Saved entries
Lemma coprime_div_gcd m n : 0 < gcdn m n -> coprime (m %/ gcdn m n) (n %/ gcdn m n).
Proof.
move=> g_gt0; rewrite /coprime -(eqn_pmul2r g_gt0) mul1n muln_gcdl.
by rewrite !divnK ?dvdn_gcdl ?dvdn_gcdr.
Qed.

Lemma coprime_square_factor u v m : coprime u v -> u * v = m ^ 2 -> exists r, u = r ^ 2.
Proof.
move=> cuv uvm; case: (posnP u) => [->|u_gt0]; first by exists 0.
set g := gcdn u m; have g_gt0 : 0 < g by rewrite gcdn_gt0 u_gt0.
exists g.
have -> : u = gcdn (u ^ 2) (m ^ 2).
  by rewrite -uvm -mulnn -muln_gcdr (eqP cuv) muln1.
have [ug mg] : u = u %/ g * g /\ m = m %/ g * g by rewrite !divnK ?dvdn_gcdl ?dvdn_gcdr.
rewrite {1}ug {1}mg !expnMn -muln_gcdl.
by rewrite (eqP (coprimeXl 2 (coprimeXr 2 (coprime_div_gcd g_gt0)))) mul1n.
Qed.

Lemma square_succ_square x y : x ^ 2 = y ^ 2 + 1 -> y = 0.
Proof.
move=> e; have : y < x by rewrite -(ltn_exp2r _ _ (isT : 0 < 2)) e addn1.
by move: e; rewrite !expnS !expn0 !muln1; nia.
Qed.

Lemma rad_gt0 n : 0 < Defs.rad n.
Proof.
by rewrite /Defs.rad big_seq prodn_cond_gt0 // => p; rewrite mem_primes => /andP[/prime_gt0].
Qed.

Lemma rad_dvd n M : (forall q, prime q -> q %| n -> q %| M) -> Defs.rad n %| M.
Proof.
rewrite /Defs.rad => primes_dvd.
have : {subset primes n <= [pred q | prime q && (q %| M)]}.
  by move=> q; rewrite mem_primes => /and3P[qp _ qn]; rewrite inE qp primes_dvd.
elim: (primes n) (primes_uniq n) => [|q s IH] /=; first by rewrite big_nil dvd1n.
move=> /andP[q_s us] sub; rewrite big_cons.
have /andP[qp qM] := sub q (mem_head q s).
have sub_s : {subset s <= [pred q | prime q && (q %| M)]}.
  by move=> r rs; apply: sub; rewrite inE rs orbT.
rewrite Gauss_dvd ?qM ?IH //= big_seq.
apply: (big_ind (coprime q)) => [|x y|r rs]; first exact: coprimen1.
  by rewrite coprimeMr => -> ->.
have /andP[rp _] := sub_s r rs.
rewrite prime_coprime // dvdn_prime2 //; apply: contraNneq q_s => ->; exact: rs.
Qed.

(* The instance eps = 1/6 of ABC, with all quantities raised to the sixth
   power so that it becomes a statement about natural numbers. *)
Definition abc_nat (K : nat) : Prop :=
  forall u v z : nat, coprime u v -> coprime u z -> coprime v z -> u + v = z ->
    z ^ 6 <= K * Defs.rad (u * v * z) ^ 7.

Section RealFacts.
Local Open Scope R_scope.

Lemma INR_expn m n : INR (m ^ n) = INR m ^ n.
Proof. by elim: n => [|n IH] //=; rewrite expnS mult_INR IH. Qed.

Lemma abc_nat_of_ABC : ABC -> exists K, (0 < K)%N /\ abc_nat K.
Proof.
move=> abc; have [K HK] := abc (1/6) ltac:(lra).
have [n Kn] := INR_unbounded (K ^ 6).
exists n.+1; split=> // u v z cuv cuz cvz uvz.
have := HK u v z cuv cuz cvz; rewrite -PoszD uvz => /(_ erefl).
rewrite -!PoszM /= => bound.
set r := INR (Defs.rad (u * v * z)) in bound *.
have r_gt0 : 0 < r by apply/lt_0_INR/ltP/rad_gt0.
have z_le : INR z <= K * Rpower r (1 + 1/6).
  by apply: Rle_trans bound; apply: Rle_trans (Rmax_r _ _); apply: Rmax_r.
have r7 : r ^ 7 = Rpower r (1 + 1/6) ^ 6.
  rewrite -(@Rpower_pow 7 r) // -Rpower_pow ?Rpower_mult; last exact: exp_pos.
  by f_equal; simpl; field.
apply/leP/INR_le; rewrite INR_expn mult_INR INR_expn -/r r7.
apply: Rle_trans (_ : (K * Rpower r (1 + 1/6)) ^ 6 <= _).
  by apply: pow_incr; split=> //; apply: pos_INR.
rewrite Rpow_mult_distr S_INR; apply: Rmult_le_compat_r; last by lra.
by apply: pow_le; apply: Rlt_le; apply: exp_pos.
Qed.

End RealFacts.

Lemma coprime_triple_of_sum w Y X : 0 < X -> w + Y = X ->
  exists u v z, [/\ coprime u v, coprime u z, coprime v z & u + v = z] /\
    X = gcdn X Y * z /\ u * v * z %| w * Y * X.
Proof.
move=> X_gt0 wYX; set g := gcdn X Y.
have g_gt0 : 0 < g by rewrite gcdn_gt0 X_gt0.
have [gX gY] : g %| X /\ g %| Y by rewrite dvdn_gcdl dvdn_gcdr.
have gw : g %| w by rewrite -(dvdn_addl _ gY) wYX.
have uvz : w %/ g + Y %/ g = X %/ g by rewrite -divnDl // wYX.
have cvz : coprime (Y %/ g) (X %/ g) by rewrite coprime_sym coprime_div_gcd.
have cuv : coprime (w %/ g) (Y %/ g) by rewrite coprime_sym /coprime -gcdnDr uvz.
exists (w %/ g), (Y %/ g), (X %/ g); split; first by split; rewrite // /coprime -uvz gcdnDl.
by rewrite mulnC divnK // !dvdn_mul ?dvdn_div.
Qed.

(* The descent equation w = |a^2 - N d^2|, split according to the sign. *)
Definition descent_eq (N a d w : nat) : Prop :=
  w + N * d ^ 2 = a ^ 2 \/ w + a ^ 2 = N * d ^ 2.

Lemma descent_triple N a d w : 0 < N -> 0 < a -> coprime a d -> descent_eq N a d w ->
  exists u v z, [/\ coprime u v, coprime u z, coprime v z & u + v = z] /\
    [/\ a ^ 2 <= N * z, N * d ^ 2 <= N * z & u * v * z %| w * (a ^ 2 * (N * d ^ 2))].
Proof.
move=> N_gt0 a_gt0 cad deq; set g := gcdn (a ^ 2) (N * d ^ 2).
have gN : g <= N.
  have cg : coprime g (d ^ 2).
    by apply: coprime_dvdl (dvdn_gcdl _ _) _; rewrite coprimeXl ?coprimeXr.
  by apply: dvdn_leq => //; rewrite -(Gauss_dvdl _ cg) dvdn_gcdr.
suff finish Y X : w + Y = X -> gcdn X Y = g -> a ^ 2 <= X -> N * d ^ 2 <= X ->
    w * Y * X = w * (a ^ 2 * (N * d ^ 2)) ->
    exists u v z, [/\ coprime u v, coprime u z, coprime v z & u + v = z] /\
      [/\ a ^ 2 <= N * z, N * d ^ 2 <= N * z & u * v * z %| w * (a ^ 2 * (N * d ^ 2))].
  case: deq => [e|e]; apply: (finish _ _ e) => //.
  - lia.
  - by rewrite -mulnA (mulnC (N * d ^ 2)).
  - by rewrite gcdnC.
  - lia.
  - by rewrite -mulnA.
move=> wYX gXY aX dX eq_prod.
have X_gt0 : 0 < X by apply: leq_trans aX; rewrite expn_gt0 a_gt0.
have [u [v [z [cop [Xz uvz_dvd]]]]] := coprime_triple_of_sum X_gt0 wYX.
have XNz : X <= N * z by rewrite Xz gXY leq_mul2r gN orbT.
exists u, v, z; split=> //.
by split; [apply: leq_trans XNz | apply: leq_trans XNz | rewrite -eq_prod].
Qed.

Lemma coprime_cross_eq m d e k : coprime e m -> coprime d k -> m * d = e * k -> e = d.
Proof.
move=> cem cdk mdek; apply/eqP; rewrite eqn_dvd.
by rewrite -(Gauss_dvdr _ cem) mdek dvdn_mulr // -(Gauss_dvdl _ cdk) -mdek dvdn_mull.
Qed.

Lemma descent_eq_dist N a d : descent_eq N a d `|a ^ 2 - N * d ^ 2|.
Proof.
case: (leqP (N * d ^ 2) (a ^ 2)) => [le|/ltnW le]; [left | right].
  by rewrite distnEl // subnK.
by rewrite distnEr // subnK.
Qed.

(* w is coprime to d: a common prime factor would divide w and N d^2, hence
   a^2 by the descent equation, contradicting gcd(a, d) = 1. *)
Lemma coprime_descent_den N a d w : coprime a d -> descent_eq N a d w -> coprime w d.
Proof.
move=> cad deq; apply: coprime_no_common_prime => q q_pr qw qd.
have qNd : q %| N * d ^ 2 by rewrite dvdn_mull // dvdn_exp.
have : q %| a ^ 2.
  by case: deq => e; [rewrite -e dvdn_add | rewrite -(dvdn_addr _ qw) e].
rewrite Euclid_dvdX // => /andP[qa _].
by move: (coprime_dvdl qa cad); rewrite prime_coprime // qd.
Qed.

Section CurveAlgebra.
Import ring GRing.Theory Num.Theory.
Local Open Scope ring_scope.

Lemma tangent_x (n x y : rat) : y != 0 -> y ^+ 2 = x ^+ 3 - n * x ->
  ((3%:R * x ^+ 2 - n) / (2%:R * y)) ^+ 2 - x - x = (x ^+ 2 + n) ^+ 2 / (4%:R * y ^+ 2).
Proof.
move=> y_neq0 curve.
have -> : ((3%:R * x ^+ 2 - n) / (2%:R * y)) ^+ 2 - x - x =
    (x ^+ 2 + n) ^+ 2 / (4%:R * y ^+ 2) + 2%:R * x * (x ^+ 3 - n * x - y ^+ 2) / y ^+ 2.
  by field; rewrite y_neq0.
by rewrite -curve subrr mulr0 mul0r addr0.
Qed.

Lemma y_neq_opp (y : rat) : y != 0 -> (y == - y) = false.
Proof. by move=> y_neq0; apply/negbTE; rewrite -addr_eq0 -mulr2n mulrn_eq0. Qed.

Lemma double_point N x y : on_curve N (Aff x y) -> ~ torsion N (Aff x y) ->
  y != 0 /\ exists y2, mulpt N 2 (Aff x y) = Aff ((x ^+ 2 + N%:R) ^+ 2 / (4%:R * y ^+ 2)) y2.
Proof.
move=> curve not_tors.
have y_neq0 : y != 0.
  by apply: contra_notN not_tors => /eqP y0; exists 2%N; rewrite /= eqxx y0 oppr0 eqxx.
split=> //; rewrite /= eqxx y_neq_opp // -tangent_x //.
by eexists.
Qed.

Lemma curve_cleared (n A D m e : rat) : D != 0 -> e != 0 ->
  (m / e) ^+ 2 = (A / D) ^+ 3 - n * (A / D) ->
  m ^+ 2 * D ^+ 3 = e ^+ 2 * (A * (A ^+ 2 - n * D ^+ 2)).
Proof.
move=> D_neq0 e_neq0 curve; apply/eqP; rewrite -subr_eq0.
have -> : m ^+ 2 * D ^+ 3 - e ^+ 2 * (A * (A ^+ 2 - n * D ^+ 2)) =
    e ^+ 2 * D ^+ 3 * ((m / e) ^+ 2 - ((A / D) ^+ 3 - n * (A / D))).
  by field; rewrite D_neq0 e_neq0.
by rewrite curve subrr mulr0.
Qed.

Lemma tangent_x_cleared (n A D m e : rat) : D != 0 -> e != 0 -> m != 0 ->
  e ^+ 2 = D ^+ 3 ->
  ((A / D) ^+ 2 + n) ^+ 2 / (4%:R * (m / e) ^+ 2) =
    (A ^+ 2 + n * D ^+ 2) ^+ 2 / (4%:R * D * m ^+ 2).
Proof.
move=> D_neq0 e_neq0 m_neq0 eD.
have -> : ((A / D) ^+ 2 + n) ^+ 2 / (4%:R * (m / e) ^+ 2) =
    (A ^+ 2 + n * D ^+ 2) ^+ 2 * e ^+ 2 / (4%:R * D ^+ 4 * m ^+ 2).
  by field; rewrite D_neq0 e_neq0 m_neq0.
by rewrite eD; field; rewrite D_neq0 m_neq0.
Qed.

End CurveAlgebra.

Section LowestTerms.
Import GRing.Theory Num.Theory.
Local Open Scope ring_scope.

Lemma sq_absz (z : int) : (`|z| ^ 2)%N%:Z = z ^+ 2.
Proof. by rewrite -abszX gez0_abs ?sqr_ge0. Qed.

(* Clearing denominators in y^2 = x^3 - N x gives
   m^2 D^3 = e^2 A (A^2 - N D^2); comparing coprime factors, e^2 = D^3 and
   |m|^2 = a w. *)
Lemma lowest_terms_curve N (x y : rat) (a d w : nat) :
  `|numq x|%N = a -> `|denq x|%N = d -> `|(a ^ 2)%N%:Z - (N * d ^ 2)%N%:Z|%N = w ->
  y != 0 -> y ^+ 2 = x ^+ 3 - N%:R * x ->
  [/\ (0 < a)%N, (0 < w)%N, (`|denq y| ^ 2 = d ^ 3)%N & (`|numq y| ^ 2 = a * w)%N].
Proof.
move=> def_a def_d def_w y_neq0 curve.
set A := numq x; set D := denq x; set m := numq y; set e := denq y.
have cleared : m ^+ 2 * D ^+ 3 = e ^+ 2 * (A * (A ^+ 2 - N%:Z * D ^+ 2)).
  apply: (intr_inj (R := rat)); rewrite !(rmorphXn, rmorphM, rmorphB) /=.
  apply: curve_cleared; rewrite ?intr_eq0 ?denq_neq0 //.
  by rewrite !divq_num_den.
have W_eq : A ^+ 2 - N%:Z * D ^+ 2 = (a ^ 2)%N%:Z - (N * d ^ 2)%N%:Z.
  by rewrite PoszM -def_a -def_d !sq_absz.
have cleared_nat : (`|m| ^ 2 * d ^ 3 = `|e| ^ 2 * (a * w))%N.
  by have := congr1 absz cleared; rewrite W_eq !(abszX, abszM) def_a def_d def_w.
have cad : coprime a d by rewrite -def_a -def_d coprime_num_den.
have e2d3 : (`|e| ^ 2 = d ^ 3)%N.
  apply: (coprime_cross_eq (m := `|m| ^ 2) (k := a * w)) => //.
    by rewrite coprimeXl // coprimeXr // coprime_sym coprime_num_den.
  rewrite coprimeXl // coprimeMr (coprime_sym d) cad coprime_sym.
  by apply: coprime_descent_den cad _; rewrite -def_w; apply: descent_eq_dist.
have d3_gt0 : (0 < d ^ 3)%N by rewrite expn_gt0 -def_d absz_gt0 denq_neq0.
have m2 : (`|m| ^ 2 = a * w)%N.
  by apply/eqP; rewrite -(eqn_pmul2r d3_gt0) cleared_nat e2d3 mulnC.
have /andP[a_gt0 w_gt0] : ((0 < a) && (0 < w))%N.
  by rewrite -muln_gt0 -m2 expn_gt0 absz_gt0 numq_eq0 y_neq0.
by split.
Qed.

Lemma lowest_terms_double N (x y : rat) (a d w : nat) :
  `|numq x|%N = a -> `|denq x|%N = d -> (`|denq y| ^ 2 = d ^ 3)%N ->
  (`|numq y| ^ 2 = a * w)%N -> y != 0 ->
  (x ^+ 2 + N%:R) ^+ 2 / (4%:R * y ^+ 2) =
    ((a ^ 2 + N * d ^ 2) ^ 2)%N%:R / (4 * d * (a * w))%N%:R.
Proof.
move=> def_a def_d e2d3 m2 y_neq0.
set A := numq x; set D := denq x; set m := numq y; set e := denq y.
have hD : D%:~R = d%:R :> rat by rewrite -[D]absz_denq def_d.
have hA2 : A%:~R ^+ 2 = (a ^ 2)%:R :> rat by rewrite -rmorphXn -sq_absz def_a.
have hm2 : m%:~R ^+ 2 = (a * w)%:R :> rat by rewrite -rmorphXn -sq_absz m2.
have he2 : e%:~R ^+ 2 = D%:~R ^+ 3 :> rat.
  by rewrite -rmorphXn -sq_absz e2d3 hD -natrX.
have -> : (x ^+ 2 + N%:R) ^+ 2 / (4%:R * y ^+ 2) =
    ((A%:~R / D%:~R) ^+ 2 + N%:R) ^+ 2 / (4%:R * (m%:~R / e%:~R) ^+ 2).
  by rewrite !divq_num_den.
rewrite tangent_x_cleared ?intr_eq0 ?denq_neq0 ?numq_eq0 //.
by rewrite hA2 hm2 hD !(natrM, natrD, natrX).
Qed.

Lemma numq_cross (u v : nat) : (0 < v)%N ->
  (`|numq (u%:R / v%:R : rat)| * v = u * `|denq (u%:R / v%:R : rat)|)%N.
Proof.
move=> v_gt0; set q : rat := u%:R / v%:R.
have v_neq0 : v%:R != 0 :> rat by rewrite pnatr_eq0 -lt0n.
have : numq q * v%:Z = u%:Z * denq q.
  apply: (intr_inj (R := rat)); rewrite !rmorphM /= numqE.
  by rewrite mulrAC divfK.
by move/(congr1 absz); rewrite !abszM.
Qed.
End LowestTerms.


(* Bad primes divide the denominator of x(2P) (bad_prime_dvd_den);
   every other prime factor of w a N d divides 2N (rad_dvd_bad). *)
Definition bad_prime (N a d w q : nat) : bool :=
  prime q && [|| q %| d, (q %| a) && ~~ (q %| N) | (q %| w) && ~~ (q %| 2 * N)].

DESCRIPTION OF THE TASK:
An exact copy of the lines above, from the one containing "Lemma INR_expn m n : INR (m ^ n) = INR m ^ n." through the one containing "Lemma coprime_triple_of_sum w", is the whole of the answer.

EXERCISE RESPONSE:
Lemma INR_expn m n : INR (m ^ n) = INR m ^ n.
Proof. by elim: n => [|n IH] //=; rewrite expnS mult_INR IH. Qed.

Lemma abc_nat_of_ABC : ABC -> exists K, (0 < K)%N /\ abc_nat K.
Proof.
move=> abc; have [K HK] := abc (1/6) ltac:(lra).
have [n Kn] := INR_unbounded (K ^ 6).
exists n.+1; split=> // u v z cuv cuz cvz uvz.
have := HK u v z cuv cuz cvz; rewrite -PoszD uvz => /(_ erefl).
rewrite -!PoszM /= => bound.
set r := INR (Defs.rad (u * v * z)) in bound *.
have r_gt0 : 0 < r by apply/lt_0_INR/ltP/rad_gt0.
have z_le : INR z <= K * Rpower r (1 + 1/6).
  by apply: Rle_trans bound; apply: Rle_trans (Rmax_r _ _); apply: Rmax_r.
have r7 : r ^ 7 = Rpower r (1 + 1/6) ^ 6.
  rewrite -(@Rpower_pow 7 r) // -Rpower_pow ?Rpower_mult; last exact: exp_pos.
  by f_equal; simpl; field.
apply/leP/INR_le; rewrite INR_expn mult_INR INR_expn -/r r7.
apply: Rle_trans (_ : (K * Rpower r (1 + 1/6)) ^ 6 <= _).
  by apply: pow_incr; split=> //; apply: pos_INR.
rewrite Rpow_mult_distr S_INR; apply: Rmult_le_compat_r; last by lra.
by apply: pow_le; apply: Rlt_le; apply: exp_pos.
Qed.

End RealFacts.

Lemma coprime_triple_of_sum w Y X : 0 < X -> w + Y = X ->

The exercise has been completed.